In the selective forwarding attack, all nodes send packets to the server through node 3 because it is in their range except node 7 which can directly reach the server. In this way, malicious node 3 can drop packets and forward only selected ones. Results in Figure 6 show that usage figures of all the four considered resources are almost identical to those of the no-attack scenario. Hence, this attack has no considerable effect on the power usage of nodes but affects only the number of received packets of the server.
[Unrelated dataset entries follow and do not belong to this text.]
(* Let $\mathcal{H}$ be a finite-dimensional complex Hilbert space and $n\ge 0$. Let $\mathcal{K}_{n+1}$ be a map of $n+1$ operator arguments on $\mathcal H$ which (a) admits a decomposition $\mathcal{K}_{n+1}=\sum_{(m_0,\ldots,m_n)}\mathcal{K}_{m_0,\ldots,m_n}$ into finitely many completely positive multi-variable maps, where each $\mathcal{K}_{m_0,\ldots,m_n}$ is homogeneous of degree $m_i\in\mathbb{Z}_{\ge0}$ in its $i$-th argument (i.e. $\mathcal K_{m_0,\ldots,m_n}[\ldots,z\hat\rho_i,\ldots]=z^{m_i}\mathcal K_{m_0,\ldots,m_n}[\ldots,\hat\rho_i,\ldots]$ for all $z\in\mathbb C$), each $\mathcal K_{m_0,\ldots,m_n}$ with exactly one $m_i=1$ and all others zero being linear in that argument; (b) satisfies $\mathcal{K}_{n+1}[p\hat\rho_n,\ldots,p\hat\rho_0]=p\,\mathcal{K}_{n+1}[\hat\rho_n,\ldots,\hat\rho_0]$ for all $p\in[0,1]$ and all density matrices $\hat\rho_i$; and (c) is trace preserving on density matrices, i.e. $\mathrm{Tr}\,\mathcal{K}_{n+1}[\hat\rho_n,\ldots,\hat\rho_0]=1$ whenever all $\hat\rho_i$ are density matrices. Then there exist operators $V_{\alpha n m}$ on $\mathcal H$ ($0\le m\le n$, $\alpha$ in a finite index set) and numbers $p_{nm}\ge 0$ with $\sum_{m=0}^n p_{nm}=1$ and $\sum_\alpha V_{\alpha nm}V_{\alpha nm}^\dagger=p_{nm}\hat I$ for each $m$, such that for all density matrices $\hat\rho_0,\ldots,\hat\rho_n$, $$\mathcal{K}_{n+1}[\hat\rho_n,\ldots,\hat\rho_0]=\sum_{m=0}^n\sum_\alpha V_{\alpha nm}^\dagger\,\hat\rho_m\,V_{\alpha nm}.$$
   Context: A map $\mathcal K$ of $n+1$ operator arguments is completely positive (in the multi-variable sense of Ando–Choi) if for every $k$ and every $(n+1)$-tuple of positive $k\times k$ block operator matrices $\hat\rho_m=(\hat\rho_{m,ij})_{i,j}$ ($0\le m\le n$), the block matrix with $(i,j)$ block $\mathcal{K}[\hat\rho_{n,ij},\ldots,\hat\rho_{0,ij}]$ is positive. Hypothesis (a) is the Ando–Choi decomposition of multi-variable CP maps (anti-homogeneous parts are excluded), and (b) is the non-signalling condition expressed on sub-normalized states. *)

From HB Require Import structures.
From mathcomp Require Import all_boot all_order all_algebra.
From mathcomp Require Import complex.
From mathcomp Require Import reals.
Set Implicit Arguments. Unset Strict Implicit. Unset Printing Implicit Defensive.
Import Order.TTheory GRing.Theory Num.Theory.
Local Open Scope ring_scope.

(* Conventions: the Hilbert space is C^d, with C = R[i] the complex numbers
   built over a real field R : realType (a model of the real numbers).  The order on R[i] is the
   usual partial order of a numClosedField: 0 <= z iff z is real and >= 0. *)

Definition adj (R : realType) (m n : nat) (A : 'M[R[i]]_(m, n)) : 'M[R[i]]_(n, m) :=
  (map_mx (fun z : R[i] => z^*) A)^T.
Lemma eqG_tail u v tl : eqG u v -> eqG (u ++ tl) (v ++ tl).
Proof. by move=> huv; rewrite huv; reflexivity. Qed.

Lemma eqG_split s t : eqG (s ++ t) [::] -> eqG s (rev t).
Proof.
move=> h; have : all S (s ++ t) by rewrite h.1.
rewrite all_cat => /andP[_ St].
by rewrite -[s]cats0 -(eqG_cat_rev St) catA h; reflexivity.
Qed.

Lemma eqG_rotate s t : eqG (s ++ t) [::] -> eqG (t ++ s) [::].
Proof.
move=> h; have : all S (s ++ t) by rewrite h.1.
rewrite all_cat => /andP[_ St].
by rewrite (eqG_split h) eqG_cat_rev //; reflexivity.
Qed.

Lemma eqG_rev w : eqG w [::] -> eqG (rev w) [::].
Proof. by move=> h; symmetry; apply: (@eqG_split [::]). Qed.

Lemma eqG_comm z t tl : S z -> S t -> z <> t -> ~~ special z t ->
  eqG [:: z, t & tl] [:: t, z & tl].
Proof.
move=> Sz St ne sp; apply: (eqG_tail tl (@eqG_split [:: z; t] [:: z; t] _)).
by apply: eqG_relator; [apply: R_other => //; exact: S_valid | rewrite /= Sz St].
Qed.

Lemma eqG_braid b tl : 1 <= b <= n -> S (gx b) -> S (gy b) ->
  eqG [:: gx b, gy b, gx b & tl] [:: gy b, gx b, gy b & tl].
Proof.
case/andP=> b1 bn Sx Sy.
apply: (eqG_tail tl (@eqG_split [:: gx b; gy b; gx b] [:: gy b; gx b; gy b] _)).
by apply: eqG_relator; [exact: R_xy | rewrite /= Sx Sy].
Qed.

Lemma eqG_comm_apart z t tl : S z -> S t -> apart z t -> eqG [:: z, t & tl] [:: t, z & tl].
Proof.
move=> Sz St hzt; apply: eqG_comm => //; move: hzt {Sz St}.
all: by case: z => i; case: t => j; rewrite /apart /= ?negb_or => hij //; try case; lia.
Qed.

Lemma eqG_comm_word z Q tl : S z -> all S Q -> all (apart z) Q ->
  eqG (Q ++ z :: tl) (z :: Q ++ tl).
Proof.
move=> Sz; elim: Q => [|t Q IH] /=; first by reflexivity.
case/andP=> St SQ /andP[zt zQ]; rewrite IH // eqG_comm_apart //; first by reflexivity.
by rewrite /apart orbC.
Qed.

Lemma weq_letter b z : S z -> weq n S [:: (b, z)] [:: (true, z)].
Proof.
move=> Sz; have Sz1 c : onS S [:: (c, z)] by rewrite /onS /= Sz.
case: b; first exact: weq_refl.
apply: (@weq_trans _ _ _ ([:: (false, z)] ++ pos [:: z; z])).
  rewrite -[X in weq _ _ X _]cats0; apply: weq_cat; first exact: weq_refl.
  by apply/weq_sym/weq_rel; [apply/R_sq/S_valid | rewrite /= Sz].
change (weq n S ([:: (false, z); (true, z)] ++ [:: (true, z)]) ([::] ++ [:: (true, z)])).
by apply: weq_cat; [exact: weq_cancel | exact: weq_refl].
Qed.

Lemma weq_pos_snd w : onS S w -> weq n S w (pos (map snd w)).
Proof.
elim: w => [|[b z] w IH] /=; first by move=> _; exact: weq_refl.
by case/andP=> Sz Sw; apply: (@weq_cat _ _ [:: _] [:: _]); [exact: weq_letter | exact: IH].
Qed.

Lemma weq_pos_winv r : all S r -> weq n S (pos r ++ winv (pos r)) [::].
Proof.
elim: r => [|z r IH] /=; first by move=> _; exact: weq_refl.
case/andP=> Sz Sr; have Sz1 c : onS S [:: (c, z)] by rewrite /onS /= Sz.
rewrite /winv /= rev_cons -cats1 -/(winv _) catA.
apply: (@weq_trans _ _ _ ([:: (true, z)] ++ [::] ++ [:: (false, z)])).
  apply: (@weq_cat _ _ [:: _] [:: _]); first exact: weq_refl.
  by apply: weq_cat; [exact: IH | exact: weq_refl].
exact: weq_cancel.
Qed.

Lemma inH_mul_winv (S' : pred gen) h r w : all S' h -> all S r ->
  weq n S w (pos (h ++ r)) -> inH n S S' (w ++ winv (pos r)).
Proof.
move=> S'h Sr e; exists (pos h); split; first by rewrite onS_pos.
have Sh : onS S (pos h) by have [_] := weq_onS e; rewrite /pos map_cat /onS all_cat => /andP[].
have Sw : onS S (winv (pos r)) by rewrite /onS all_rev !all_map; exact: Sr.
rewrite -[pos h]cats0; apply: weq_trans (weq_cat (weq_refl _ Sh) (weq_sym (weq_pos_winv Sr))) _.
by rewrite catA -map_cat; apply: weq_cat (weq_sym e) (weq_refl _ Sw).
Qed.

Section Triangle.
Variables a b c : gen.
Hypothesis abc : eqG (pw [:: a; b; c] 3) [::].

Lemma triangle_rot : eqG (pw [:: b; c; a] 3) [::].
Proof. exact: (@eqG_rotate [:: a] [:: b; c; a; b; c; a; b; c]). Qed.

Lemma triangle_rev : eqG (pw [:: c; b; a] 3) [::].
Proof. exact: (eqG_rev abc). Qed.

Lemma triangle3 tl : eqG [:: a, b, c & tl] [:: c, b, a, c, b, a & tl].
Proof. exact: (eqG_tail tl (@eqG_split [:: a; b; c] [:: a; b; c; a; b; c] abc)). Qed.

Lemma triangle4 tl : eqG [:: a, b, c, a & tl] [:: c, b, a, c, b & tl].
Proof. exact: (eqG_tail tl (@eqG_split [:: a; b; c; a] [:: b; c; a; b; c] abc)). Qed.

End Triangle.

Section Neighbours.
Variable a : nat.
Hypotheses (a_gt0 : 0 < a) (a_lt_n : a < n).
Local Notation X := (gx a).
Local Notation U := (gx a.+1).
Local Notation Y := (gy a).
Local Notation V := (gy a.+1).
Hypotheses (SX : S X) (SU : S U) (SV : S V).

Lemma comm_XV tl : eqG [:: X, V & tl] [:: V, X & tl].
Proof. by apply: eqG_comm => //; rewrite /= ?neq_ltn ?ltnSn. Qed.

Lemma braid_UV tl : eqG [:: U, V, U & tl] [:: V, U, V & tl].
Proof. by apply: eqG_braid => //; apply/andP. Qed.

Lemma triangle_XUV : eqG (pw [:: X; U; V] 3) [::].
Proof. by apply: eqG_relator; [exact: R_t2 | rewrite /= SX SU SV]. Qed.

Lemma block_succ_mul_gx tl :
  eqG (block a.+1 true ++ X :: tl) ([:: X; U; X; U] ++ block a.+1 true ++ tl).
Proof.
rewrite /= (triangle3 (triangle_rev triangle_XUV)) -comm_XV -braid_UV; reflexivity.
Qed.

Lemma braid2_UV tl : eqG [:: V, U & tl] [:: U, V, U, V & tl].
Proof. by rewrite braid_UV eqG_cancel //; reflexivity. Qed.

Section WithY.
Hypothesis SY : S Y.

Lemma comm_YU tl : eqG [:: Y, U & tl] [:: U, Y & tl].
Proof. by apply: eqG_comm => //; rewrite /= ?neq_ltn ?ltnSn. Qed.

Lemma braid_XY tl : eqG [:: X, Y, X & tl] [:: Y, X, Y & tl].
Proof. by apply: eqG_braid => //; rewrite a_gt0 ltnW. Qed.

Lemma triangle_XUY : eqG (pw [:: X; U; Y] 3) [::].
Proof. by apply: eqG_relator; [exact: R_t1 | rewrite /= SX SU SY]. Qed.

Lemma triangle_XYV : eqG (pw [:: X; Y; V] 3) [::].
Proof. by apply: eqG_relator; [exact: R_t3 | rewrite /= SX SY SV]. Qed.

Lemma triangle_UYV : eqG (pw [:: U; Y; V] 3) [::].
Proof. by apply: eqG_relator; [exact: R_t4 | rewrite /= SU SY SV]. Qed.

Lemma VYXU tl : eqG [:: V, Y, X, U & tl] [:: U, X, U, V, Y, X & tl].
Proof.
rewrite (triangle3 (triangle_rot (triangle_rot triangle_XUY))) comm_YU braid2_UV.
rewrite -comm_XV -(triangle4 triangle_XUV) braid_XY eqG_cancel //; reflexivity.
Qed.

Lemma VUYXU tl : eqG [:: V, U, Y, X, U & tl] [:: U, X, U, V, U, Y, X & tl].
Proof.
rewrite (triangle4 (triangle_rot triangle_XUY)) comm_YU -braid_XY -comm_XV.
rewrite (triangle3 (triangle_rev triangle_XUV)) eqG_cancel // -comm_XV -braid_UV; reflexivity.
Qed.

Lemma VYV tl : eqG [:: V, Y, V & tl] [:: X, Y, X, V, Y, X & tl].
Proof.
symmetry; rewrite comm_XV (triangle4 triangle_XYV) eqG_cancel // -comm_XV eqG_cancel //.
reflexivity.
Qed.

Lemma VYXV tl : eqG [:: V, Y, X, V & tl] [:: X, Y, X, V, Y & tl].
Proof. by symmetry; rewrite comm_XV (triangle4 triangle_XYV) eqG_cancel //; reflexivity. Qed.

Lemma VUYV tl : eqG [:: V, U, Y, V & tl] [:: Y, U, V, U, Y & tl].
Proof.
symmetry; rewrite comm_YU (triangle4 triangle_UYV) eqG_cancel // comm_YU; reflexivity.
Qed.

Lemma VUYXV tl : eqG [:: V, U, Y, X, V & tl] [:: Y, U, V, U, Y, X & tl].
Proof.
symmetry; rewrite comm_YU (triangle4 triangle_UYV) eqG_cancel // -comm_XV comm_YU.
reflexivity.
Qed.

Lemma block_pair_mul (P : pred gen) e1 e0 z : P X -> P U -> P Y -> gidx z = a.+1 ->
  exists h0 e1' e0', all P h0 /\
    forall tl, eqG (block a.+1 e1 ++ block a e0 ++ z :: tl)
                   (h0 ++ block a.+1 e1' ++ block a e0' ++ tl).
Proof.
move=> PX PU PY; case: z => _ /= ->; case: e1; case: e0.
- by exists [:: U; X; U], true, true; split=> [|tl]; [rewrite /= PU PX | exact: VUYXU].
- exists [::], false, false; split=> // tl /=.
  by rewrite comm_YU eqG_cancel //; reflexivity.
- by exists [:: U; X; U], false, true; split=> [|tl]; [rewrite /= PU PX | exact: VYXU].
- by exists [::], true, false; split=> // tl /=; rewrite comm_YU; reflexivity.
- by exists [:: Y; U], true, true; split=> [|tl]; [rewrite /= PU PY | exact: VUYXV].
- by exists [:: Y; U], true, false; split=> [|tl]; [rewrite /= PU PY | exact: VUYV].
- by exists [:: X; Y; X], false, false; split=> [|tl]; [rewrite /= PX PY | exact: VYXV].
- by exists [:: X; Y; X], false, true; split=> [|tl]; [rewrite /= PX PY | exact: VYV].
Qed.

End WithY.
End Neighbours.
End Presentation.

Definition blocks (i k : nat) (eps : nat -> bool) : seq gen :=
  flatten [seq block j (eps j) | j <- rev (iota k (i - k))].

Lemma blocks_cat i j k eps : k <= j <= i -> blocks i k eps = blocks i j eps ++ blocks j k eps.
Proof.
case/andP=> kj ji; rewrite /blocks -flatten_cat -map_cat -rev_cat.
have -> : i - k = (j - k) + (i - j) by lia.
by rewrite iotaD subnKC.
Qed.

Lemma blocks1 i eps : blocks i.+1 i eps = block i (eps i).
Proof. by rewrite /blocks subSn // subnn /= cats0. Qed.

Lemma eq_blocks i k eps eps' : {in [pred j | k <= j < i], eps =1 eps'} ->
  blocks i k eps = blocks i k eps'.
Proof.
move=> e; congr flatten; apply/eq_in_map => j; rewrite mem_rev mem_iota => hj.
by rewrite e // inE; lia.
Qed.

Lemma blocks_idx i k eps : all (fun z => k <= gidx z < i) (blocks i k eps).
Proof.
have : all (fun j => k <= j < i) (rev (iota k (i - k))).
  by rewrite all_rev; apply/allP => j; rewrite mem_iota; lia.
rewrite /blocks; elim: (rev _) => //= j js IH /andP[hj /IH]; rewrite all_cat => ->.
by case: (eps j); rewrite /= hj.
Qed.

Lemma rep_blocks n k eps : rep n k eps = blocks n.+1 k eps.
Proof. by []. Qed.

Lemma rep_rec n k eps : k <= n -> rep n k eps = rep n k.+1 eps ++ block k (eps k).
Proof. by move=> kn; rewrite !rep_blocks (@blocks_cat _ k.+1) ?blocks1 //; apply/andP; split. Qed.

Lemma rep_top n eps : rep n n.+1 eps = [::].
Proof. by rewrite rep_blocks /blocks subnn. Qed.

Lemma rep_split n a k eps : k <= a -> a < n ->
  rep n k eps = rep n a.+2 eps ++ block a.+1 (eps a.+1) ++ block a (eps a) ++ blocks a k eps.
Proof.
move=> ka an; rewrite rep_blocks (@blocks_cat _ a.+2 k) ?(@blocks_cat a.+2 a.+1 k).
  by rewrite (@blocks_cat a.+1 a k) ?blocks1 //; lia.
all: lia.
Qed.

Lemma rep_rec_upd n k eps b : k <= n ->
  rep n k [eta eps with k |-> b] = rep n k.+1 eps ++ block k b.
Proof.
move=> kn; rewrite rep_rec //= eqxx; congr (_ ++ _).
by apply: eq_blocks => i; rewrite inE /= => /andP[ki _]; rewrite gtn_eqF.
Qed.

Lemma rep_split_upd n a k eps e1 e0 : k <= a -> a < n ->
  rep n k [eta eps with a.+1 |-> e1, a |-> e0] =
  rep n a.+2 eps ++ block a.+1 e1 ++ block a e0 ++ blocks a k eps.
Proof.
move=> ka an; set eps' := [eta _ with _ |-> _, _ |-> _].
have [ea1 ea] : eps' a.+1 = e1 /\ eps' a = e0 by rewrite /= eqxx (ltn_eqF (ltnSn a)) eqxx.
rewrite (rep_split _ ka an) ea1 ea !rep_blocks; congr (_ ++ (_ ++ (_ ++ _))).
all: apply: eq_blocks => i; rewrite inE /= => /andP[hi1 hi2].
all: by rewrite !ifN_eq //; apply/eqP; lia.
Qed.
The expected number of packets to be dropped during the simulation are illustrated in Figure 7. Specifically, the graph shows the expected packet dropped ratio depending on the number of nodes sending to the malicious node and the drop ratio of the malicious node. In our experiment, 4 nodes are sending packets to the malicious node and all data packets are dropped. If we look at the blackhole points (blue) on the graph, when the nodes are 4 it shows that 80% of all packets in the network should have been dropped. That is correct in our case as the server receives packets from node 7 only. The other colours represent different cases of greyhole attacks and the number of packets that should be dropped. Overall, the results of this set of simulations are as expected, i.e. the number of dropped packets grow linearly with the drop rate and with the number of nodes sending to the malicious node. We nevertheless include the results for completeness.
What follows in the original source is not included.